(* Let $\mathcal{A}$ be a Boolean algebra, let $(Z_n)_{n\in\omega}$ be a proper $\mathcal{R}$-filtration of $\mathcal{A}$, and let $f:\mathcal{A}\to\omega$ be given by $f(x) = \min\{n : x \in Z_n\}$. Then there exists a sequence $(a_n)_{n\in\omega}$ in $\mathcal{A}$ such that $a_n \wedge a_m = 0$ whenever $m \neq n$ and $f(a_0) < f(a_1) < f(a_2) < \cdots$.
   Context: For a subset $Z$ of a Boolean algebra, $\mathcal{R}(Z) = Z \cup \{0,1\} \cup \{x^c : x \in Z\} \cup \{x\vee y : x,y\in Z\} \cup \{x\wedge y : x,y \in Z\} \cup \{x \wedge y^c : x,y\in Z\}$. A proper $\mathcal{R}$-filtration of a Boolean algebra $\mathcal{A}$ is a sequence $(Z_n)_{n\in\omega}$ of subsets with $Z_n \subsetneq Z_{n+1}$, $\mathcal{R}(Z_n)\subseteq Z_{n+1}$, and $\bigcup_n Z_n = \mathcal{A}$. *)

(* a Boolean algebra is a complemented distributive lattice
   with top and bottom, i.e. a [ctbDistrLatticeType]. *)
From mathcomp Require Import all_boot all_order.
Set Implicit Arguments. Unset Strict Implicit. Unset Printing Implicit Defensive.
Import Order.TTheory.
Local Open Scope order_scope.

Section BA.
Context {disp : Order.disp_t} {A : ctbDistrLatticeType disp}.

Definition Rclos (Z : A -> Prop) (z : A) : Prop :=
  Z z \/ z = \bot \/ z = \top \/
  (exists x, Z x /\ z = ~` x) \/
  (exists x y, Z x /\ Z y /\ z = x `|` y) \/
  (exists x y, Z x /\ Z y /\ z = x `&` y) \/
  (exists x y, Z x /\ Z y /\ z = x `&` ~` y).

Definition proper_R_filtration (Z : nat -> A -> Prop) : Prop :=
  (forall n, (forall x, Z n x -> Z n.+1 x) /\ (exists x, Z n.+1 x /\ ~ Z n x)) /\
  (forall n x, Rclos (Z n) x -> Z n.+1 x) /\
  (forall x : A, exists n, Z n x).

Definition is_min_level (Z : nat -> A -> Prop) (x : A) (n : nat) : Prop :=
  Z n x /\ (forall m, Z m x -> (n <= m)%N).
End BA.

(** Call [b] unbounded when the level function [f] is unbounded on the
   elements below [b]; [\top] is unbounded because the filtration is proper.
   Since [f (x `|` y)] and [f (x `&` ~` y)] exceed [maxn (f x) (f y)] by at
   most one, if [a `|` c] is unbounded then so is [a] or [c]. From an
   unbounded [b] we can therefore split off some [a <= b] of arbitrarily large
   level with [b `&` ~` a] still unbounded, and iterating this inside the
   remainders yields pairwise disjoint elements of strictly increasing level. *)

From mathcomp Require Import all_boot all_order.
From Stdlib Require Import Classical ClassicalEpsilon.
Local Open Scope order_scope.
Import Order.Theory.

Section Peeling.
Context {disp : Order.disp_t} {A : ctbDistrLatticeType disp}.

Lemma peeled_disjoint (a b : nat -> A) :
    (forall n, a n <= b n) -> (forall n, b n.+1 = b n `&` ~` a n) ->
  forall m n, m <> n -> a n `&` a m = \bot.
Proof.
move=> ab bS.
have b_nonincr : {homo b : i j / (i <= j)%N >-> j <= i}.
  apply: homo_leq => [x|y x z yx zy|i]; first exact: lexx.
    exact: le_trans zy yx.
  by rewrite bS leIl.
suff lt_disj m n : (m < n)%N -> a n `&` a m = \bot.
  by move=> m n /eqP; rewrite neq_ltn => /orP[/lt_disj|/lt_disj]; rewrite 1?meetC.
move=> lt_mn; apply/eqP; rewrite disj_leC.
by rewrite (le_trans (ab n)) // (le_trans (b_nonincr _ _ lt_mn)) // bS leIr.
Qed.

End Peeling.

Section UnboundedLevel.
Context {disp : Order.disp_t} {A : ctbDistrLatticeType disp} (f : A -> nat).
Hypothesis f_join : forall x y, (f (x `|` y) <= (maxn (f x) (f y)).+1)%N.
Hypothesis f_diff : forall x y, (f (x `&` ~` y) <= (maxn (f x) (f y)).+1)%N.
Hypothesis f_unbounded : forall T, exists x, (T < f x)%N.

Definition unbounded_below (b : A) := forall T, exists2 y, y <= b & (T < f y)%N.

Lemma unbounded_below_top : unbounded_below \top.
Proof. by move=> T; have [x] := f_unbounded T; exists x; rewrite ?lex1. Qed.

Lemma bounded_below_join a c M N :
    (forall y, y <= a -> (f y <= M)%N) -> (forall y, y <= c -> (f y <= N)%N) ->
  forall y, y <= a `|` c -> (f y <= (maxn M N).+1)%N.
Proof.
move=> aM cN y le_y_ac.
have -> : y = (y `&` a) `|` (y `&` ~` a) by rewrite -meetUr joinxC meetx1.
rewrite (leq_trans (f_join _ _)) // ltnS geq_max.
rewrite (leq_trans (aM _ (leIr _ _)) (leq_maxl _ _)) /=.
apply: leq_trans (leq_maxr _ _); apply: cN.
have := leI2 le_y_ac (lexx (~` a)).
by rewrite meetUl meetxC join0x => /le_trans; apply; apply: leIl.
Qed.

Lemma unbounded_below_join a c :
  unbounded_below (a `|` c) -> unbounded_below a \/ unbounded_below c.
Proof.
have bounded b : ~ unbounded_below b -> exists M, forall y, y <= b -> (f y <= M)%N.
  move=> nb; apply: NNPP => nM; apply: nb => T; apply: NNPP => nT.
  by apply: nM; exists T => y le_yb; rewrite leqNgt; apply/negP => ?; apply: nT; exists y.
move=> ac; apply: NNPP => /not_or_and[/bounded[M aM] /bounded[N cN]].
have [y le_y_ac] := ac (maxn M N).+1.
by rewrite ltnNge (bounded_below_join _ _ _ _ aM cN).
Qed.

Lemma unbounded_below_split b T : unbounded_below b ->
  exists a, [/\ a <= b, (T < f a)%N & unbounded_below (b `&` ~` a)].
Proof.
move=> ub; have [a0 le_a0b big_a0] := ub (maxn (f b) T).+1.
set c := b `&` ~` a0.
have a0_eq : b `&` ~` c = a0.
  by rewrite /c complI complK meetUr meetxC join0x; apply/meet_idPr.
have [ua0|uc] : unbounded_below a0 \/ unbounded_below c.
  by apply: unbounded_below_join; rewrite /c joinIr joinxC meetx1 join_r.
- exists c; split; rewrite ?a0_eq ?leIl //.
  (* [a0 = b `&` ~` c], so a small [f c] would force a small [f a0]. *)
  rewrite ltnNge; apply/negP => small_c.
  have := f_diff b c; rewrite a0_eq => /(leq_trans big_a0); rewrite ltnS.
  by apply/negP; rewrite -leqNgt geq_max leq_maxl (leq_trans small_c) ?leq_maxr.
- by exists a0; split=> //; apply: leq_ltn_trans big_a0; apply/leqW/leq_maxr.
Qed.

Lemma exists_disjoint_level_increasing : exists a : nat -> A,
  (forall m n, m <> n -> a n `&` a m = \bot) /\ (forall n, (f (a n) < f (a n.+1))%N).
Proof.
pose P (s : A * A) := s.2 <= s.1 /\ unbounded_below (s.1 `&` ~` s.2).
pose R (x y : {s | P s}) :=
  (sval y).1 = (sval x).1 `&` ~` (sval x).2 /\ (f (sval x).2 < f (sval y).2)%N.
have next x : {y | R x y}.
  apply: constructive_indefinite_description.
  case: x => [[b a] Pba]; rewrite /R /=; case: Pba => _ ub.
  have [a' [le_a' lt_a' ub']] := unbounded_below_split _ (f a) ub.
  by exists (exist P (b `&` ~` a, a') (conj le_a' ub')).
have [a0 [le_a0 _ ub0]] := unbounded_below_split _ 0 unbounded_below_top.
have [s [_ sS]] := dependent_choice next (exist P (\top, a0) (conj le_a0 ub0)).
exists (fun n => (sval (s n)).2); split; last by move=> n; case: (sS n).
apply: (@peeled_disjoint _ _ _ (fun n => (sval (s n)).1)) => n.
  by case: (svalP (s n)).
by case: (sS n).
Qed.

End UnboundedLevel.

Section FiltrationLevel.
Context {disp : Order.disp_t} {A : ctbDistrLatticeType disp}.
Variables (Z : nat -> A -> Prop) (f : A -> nat).
Hypothesis hZ : proper_R_filtration Z.
Hypothesis hf : forall x, is_min_level Z x (f x).

Lemma filtration_mono n m x : (n <= m)%N -> Z n x -> Z m x.
Proof.
move=> /subnK <-; elim: (m - n)%N => [//|k IH] /IH.
by rewrite addSn; apply: (proj1 (proj1 hZ _)).
Qed.

Lemma mem_level x : Z (f x) x. Proof. exact: (proj1 (hf x)). Qed.

Lemma level_min n x : Z n x -> (f x <= n)%N. Proof. exact: (proj2 (hf x)). Qed.

Lemma level_Rclos x y z : Rclos (Z (maxn (f x) (f y))) z ->
  (f z <= (maxn (f x) (f y)).+1)%N.
Proof. by move=> ?; apply/level_min/(proj1 (proj2 hZ)). Qed.

Lemma mem_level_max x y :
  Z (maxn (f x) (f y)) x /\ Z (maxn (f x) (f y)) y.
Proof.
by split; apply: filtration_mono (mem_level _); rewrite ?leq_maxl ?leq_maxr.
Qed.

Lemma level_join x y : (f (x `|` y) <= (maxn (f x) (f y)).+1)%N.
Proof.
have [Zx Zy] := mem_level_max x y.
by apply: level_Rclos; do 4 right; left; exists x, y.
Qed.

Lemma level_diff x y : (f (x `&` ~` y) <= (maxn (f x) (f y)).+1)%N.
Proof.
have [Zx Zy] := mem_level_max x y.
by apply: level_Rclos; do 6 right; exists x, y.
Qed.

Lemma level_unbounded T : exists x, (T < f x)%N.
Proof.
have [x [_ nZx]] := proj2 (proj1 hZ T); exists x.
by rewrite ltnNge; apply/negP => /filtration_mono/(_ (mem_level x)).
Qed.

End FiltrationLevel.

Theorem lemma3p7 (disp : Order.disp_t) (A : ctbDistrLatticeType disp)
  (Z : nat -> A -> Prop) (hZ : proper_R_filtration Z)
  (f : A -> nat) (hf : forall x : A, is_min_level Z x (f x)) :
  exists a : nat -> A,
    (forall m n : nat, m <> n -> a n `&` a m = \bot) /\
    (forall n : nat, (f (a n) < f (a n.+1))%N).
Proof.
apply: exists_disjoint_level_increasing.
- exact: level_join hZ hf.
- exact: level_diff hZ hf.
- exact: level_unbounded hZ hf.
Qed.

════════

__Activity__
Your reply is to repeat, unchanged, the lines above running from the one with "apply: homo_leq =>" up to and including the one with "move=> lt_mn; apply/eqP; rewrite disj_leC.".

__Response to this task__
  apply: homo_leq => [x|y x z yx zy|i]; first exact: lexx.
    exact: le_trans zy yx.
  by rewrite bS leIl.
suff lt_disj m n : (m < n)%N -> a n `&` a m = \bot.
  by move=> m n /eqP; rewrite neq_ltn => /orP[/lt_disj|/lt_disj]; rewrite 1?meetC.
move=> lt_mn; apply/eqP; rewrite disj_leC.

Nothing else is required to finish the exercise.